2. For every single weak entity type, W, in the Entity Relationship model, along with the owner entity type, E, an individual need to form a table or relation R with all the columns or attributes of weak entity, W, as the columns or attributes of weak entity W, along with the Primary Key of E. Now in few occasions there will be some matching tuples or rows in the weak entity W which will be sharing identical owner rows or tuples, then an individual is necessitated to form an extra index columns or attribute in the weak entity W.

3. For every single binary table or relation type, R, in the Entity Relationship model, an individual needs to classify the contributing entity categories, which are among X and Y.

I. For one to one (1 to 1) relationship among X and Y

Select one (1) table or relation, say X. Take the Primary Key of another table or relation say T as a Foreign Key of X.

II. For one to many (1 to N) relationship among X and Y

Assume Y to be an entity on the N side of the relationship. Take the Primary Key (PK) of X as a Foreign Key (FK) in Y.

III. For many to many (N to N) relationship among X and Y

Form a fresh table or relation say – Z to signify relation, R. Take the Primary Keys (PK) of both, X as well as Y as Foreign Keys (FK) of Z.

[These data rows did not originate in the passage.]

Lemma chain_merge (l1 l2 : list R) : chain G1 l1 -> chain G2 l2 ->
  exists l, chain G1 l /\
    k * chain_sum d l1 + chain_sum d l2 - 3 * INR (length l1) * th <= chain_sum d l.
Proof.
  intros [Hs1 HG1] [Hs2 HG2]; destruct l1 as [|a l1].
  - exists l2; split; [split; [exact Hs2 | exact (Forall_impl _ G2_G1 HG2)] | simpl; lra].
  - destruct (chain_split_at a l2 (conj Hs2 HG2))
      as (P & Q & HsP & HsQ & HPl2 & HQl2 & HPa & HaQ & Hsplit).
    destruct (chain_merge_from a l1 Q (conj Hs1 HG1) (conj HsQ (incl_Forall HQl2 HG2)) HaQ)
      as (l & [Hsl HGl] & Hl).
    exists (P ++ a :: l); split; [split|].
    + apply StronglySorted_app_iff; repeat split; [exact HsP | exact Hsl|].
      intros x y Hx Hy; apply StronglySorted_inv in Hsl as [_ Hal].
      pose proof (proj1 (Forall_forall _ _) HPa x Hx).
      destruct Hy as [<-|Hy]; [lra | pose proof (proj1 (Forall_forall _ _) Hal y Hy); lra].
    + apply Forall_app; split; [exact (Forall_impl _ G2_G1 (incl_Forall HPl2 HG2)) | exact HGl].
    + pose proof (chain_sum_app_ge d d_ge0 P (a :: l)).
      change (length (a :: l1)) with (S (length l1)); rewrite S_INR; lra.
Qed.

End Merge.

4. For every single multi valued column or attribute C, form a different table or relation, R, which contains every columns or attributes corresponding to C, as well as the Primary Key (PK) column or attribute, K, of the table or relation which signifies the entity type or the relationship type which has C as a column or attribute.

5. For every single n-ary relationship type, where n > 2 (n greater than 2), form a different table or relation, X. Take account of Foreign Key (FK) columns or attributes in X, the Primary Keys (PK) of the table or relations signifying every single contributing entity types. Similarly take account of any simple columns or attributes of the n-ary relationship type as columns or attributes of X.

In the upcoming part we will be discussing the Relational Languages and the seven (7) different Relational Algebras which are Selection, Projection and Joining in details.